We are all collectively focussing on the negatives in our world and pouring our energy into it. Therefore we create more negativity and pain. If we focus on the positive and the happiness collectively, then collectively that's what we create.


----------



## CECIL (Oct 3, 2004)

Martinelv said:


> They give you a placebo (absolutely no active molecules) and a few people get better, usually because they really believe in the 'drug'.


Exactly why medicine began to frustrate me and I left. You have the Placebo effect, which PROVES that belief is at least as powerful as a drug. Btw Martin, its not "a few people get better". The Placebo effect means that 50% of the people who take a placebo will recover on their own. HALF the people given nothing will do as well as if they had taken medicine because they either believe they will or they heal on their own with no need for a drug in the first place. What if everyone who was given a placebo was told they were given the real deal?

Yet what do we do? We sweep that effect under the rug and design our experiments to work around it. In any drug trial the drug has to perform statistically better than a placebo in a double-blind trial. That means that neither patient nor doctor knows if the patient is getting the drug or a placebo. Still, half the people that believe they got the drug when in fact they got placebo do as well as if they'd got the drug.

Additionally, on the same point, a percentage of people who ARE given the drug do WORSE than those given placebo. Is this because they BELIEVE they were given placebo? Is it because they BELIEVE the drug won't work?

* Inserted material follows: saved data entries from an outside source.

(* Let $m_\infty(0,0)=(\mu_{ij})_{0\le i,j<\infty}$ be a semi-infinite complex matrix, let $\Lambda$ be the semi-infinite shift matrix $\Lambda_{ij}=\delta_{j-i,1}$, and set $m_\infty(t,s)=e^{\sum_{i\ge1}t_i\Lambda^i}\,m_\infty(0,0)\,e^{-\sum_{i\ge1}s_i\Lambda^{\top i}}$ and $\tau_n(t,s)=\det m_n(t,s)$, where $m_n(t,s)$ is the upper-left $n\times n$ block of $m_\infty(t,s)$. Then for $n>0$, $$\tau_n(t,s)=\sum_{\lambda,\nu}\det\big(m^{\lambda,\nu}\big)\,s_\lambda(t)\,s_\nu(-s),\qquad m^{\lambda,\nu}=\big(\mu_{\lambda_i-i+n,\;\nu_j-j+n}\big)_{1\le i,j\le n},$$ the sum being over all Young diagrams $\lambda,\nu$ with at most $n$ rows.
   Context: Schur polynomials: $e^{\sum_{i\ge1}t_iz^i}=\sum_{k\ge0}p_k(t)z^k$, $p_k=0$ for $k<0$; for a Young diagram $\lambda_1\ge\dots\ge\lambda_n\ge0$, $s_\lambda(t)=\det(p_{\lambda_i-i+j}(t))_{1\le i,j\le n}$. Everything is understood as formal power series in $t=(t_1,t_2,\dots)$, $s=(s_1,s_2,\dots)$. *)

(* Formal power series in t = (t_1,t_2,...), s = (s_1,s_2,...)
   are handled through their weighted truncations (weight of t_i and s_i is i):
   a formal power series identity F = G holds iff for every D, the coefficients
   of all monomials of weight <= D agree; these coefficients only involve the
   variables t_1..t_D, s_1..s_D, which we model in the polynomial ring
   {mpoly CC[D + D]} (variable k < D is t_(k+1), variable D + k is s_(k+1)). *)
From HB Require Import structures.
From mathcomp Require Import all_boot all_algebra.
From mathcomp Require Import Rstruct complex.
From mathcomp Require Import mpoly.
Set Implicit Arguments. Unset Strict Implicit. Unset Printing Implicit Defensive.
Import GRing.Theory.
Local Open Scope ring_scope.

Definition CC : numClosedFieldType := complex Rdefinitions.R.

(* p_k(x) = coefficient of z^k in exp(sum_{i>=1} x_i z^i)
          = sum_{j <= k} (1/j!) [z^k] (sum_{1 <= i <= k} x_i z^i)^j   (x 0 unused) *)
Definition pk (F : fieldType) (A : comAlgType F) (x : nat -> A) (k : nat) : A :=
  let X : {poly A} := \sum_(1 <= i < k.+1) (x i)%:P * 'X^i in
  \sum_(j < k.+1) ((j`!)%:R^-1 : F) *: (X ^+ j)`_k.

Definition pkz (F : fieldType) (A : comAlgType F) (x : nat -> A) (k : int) : A :=
  match k with Posz m => pk x m | Negz _ => 0 end.

(* Schur polynomial s_lam(x) = det (p_{lam_i - i + j}(x))_{1 <= i,j <= n}
   (0-based indices here: lam_i - i + j is unchanged). *)
Definition schur (F : fieldType) (A : comAlgType F) (n : nat) (lam : 'I_n -> nat)
    (x : nat -> A) : A :=
  \det (\matrix_(i < n, j < n) pkz x ((lam i)%:Z - (i : nat)%:Z + (j : nat)%:Z)).

Definition tvar (D : nat) (i : nat) : {mpoly CC[D + D]} :=
  if (0 < i <= D)%N then oapp (fun k : 'I_(D + D) => 'X_k) 0 (insub i.-1) else 0.
Definition svar (D : nat) (i : nat) : {mpoly CC[D + D]} :=
  if (0 < i <= D)%N then oapp (fun k : 'I_(D + D) => 'X_k) 0 (insub (D + i.-1)%N) else 0.

Definition weight (D : nat) (m : 'X_{1..D + D}) : nat :=
  \sum_(k < D + D) (if (k < D)%N then k.+1 else (k - D).+1) * m k.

I really do liken it to instanity. Why not stop designing drugs and start trying to increase the power of belief in patients? It would be easier, cost a whole lot less and be just as effective.


----------



## CECIL (Oct 3, 2004)

Oh, one last thing (sorry for the rant ).

People tend to think that "Seeing is believing". In other words "I'll belive it when I see it". That is NOT how reality works.

*Believing is seeing.*

If you want something to happen, you first have to believe it. You have to love yourself before anyone else will love you. If you want to be abducted by aliens you must first believe aliens exist.


----------



## Martinelv (Aug 10, 2004)

> The Placebo effect means that 50% of the people who take a placebo will recover on their own. HALF the people given nothing will do as well as if they had taken medicine because they either believe they will or they heal on their own with no need for a drug in the first place.


Rot. Where do you come across figures like that? Are you saying that 50% of ALL illness disappear on their own, or are you saying that those all profess a belief in god or simply BELIEVE that that will recover? Terminal, incurable illnesses? If so, why hasn't the homepathic or templeton foundation won the noble prize? Perhaps you also believe that with simply the power of the mind (which I'm still unsure exactly what THAT means...could it possibly be another example of semantics over reality? Hmm, yes I think it could.) an amputee could grow another leg, like a starfish?

I'm sorry Cecil, but this is just an example of shocking ignorance. And it's dangerous talk too, I know from experience. My friend who died from cancer had a whole host of parasitic 'healers' descend on him once the doctors had told him his illness was terminal, but these fiends assured him (and his family, and his eight year old daughter, for christ's sake!) that their (delete as applicable) crystal therapy, faith healing, homeopathy...ad nauseaeum, would cure him. And they, as most people in a vunerable and desperate state do, bought it. Result? He died five days later. You can imagine how it effected his daughter. In fact, I had to baby-sit her a few months after his death and she broke down and asked me why her daddy had died after all the 'magic' people told her otherwise.

It makes me sick.


----------



## Pollyanna 3098 (Dec 12, 2006)

> Pollyanna, you are thinking too linearly and too black and white. There are currently ~6 billion unique realities in this world (one for each person, including you). Some things we create collectively and all agree upon. Other things we create just for ourselves and they can exist even if other people's realities say they can't.


I am not thinking in black and white.
I agree, the only way the theory stands up is if we all have our own reality. So as you say we would have to create that reality, our OWN reality.
Well, let me say when I was a baby I sure as hell didnt create a reality where by crying you were thrown across the room and screamed at.
Why would I create that?
Who's reality was that?

3098


----------



## CECIL (Oct 3, 2004)

Martinelv said:


> Rot. Where do you come across figures like that? Are you saying that 50% of ALL illness disappear on their own


Actually Martin, I learned in university that the majority of injuries and illnesses a human will sustain WILL heal itself naturally without any medical intervention at all. Note this includes everything including common colds and bacterial infections. I'm not only talking about serious or fatal injuries and diseases.



> or are you saying that those all profess a belief in god or simply BELIEVE that that will recover? Terminal, incurable illnesses?


No, I am saying that its possible to move energy and use intent in such ways that illnesses can be healed, whether they be in the body, mind or emotions. I'm not saying I can do this yet, I'm only just beginning to learn.



> If so, why hasn't the homepathic or templeton foundation won the noble prize? Perhaps you also believe that with simply the power of the mind (which I'm still unsure exactly what THAT means...could it possibly be another example of semantics over reality? Hmm, yes I think it could.) an amputee could grow another leg, like a starfish?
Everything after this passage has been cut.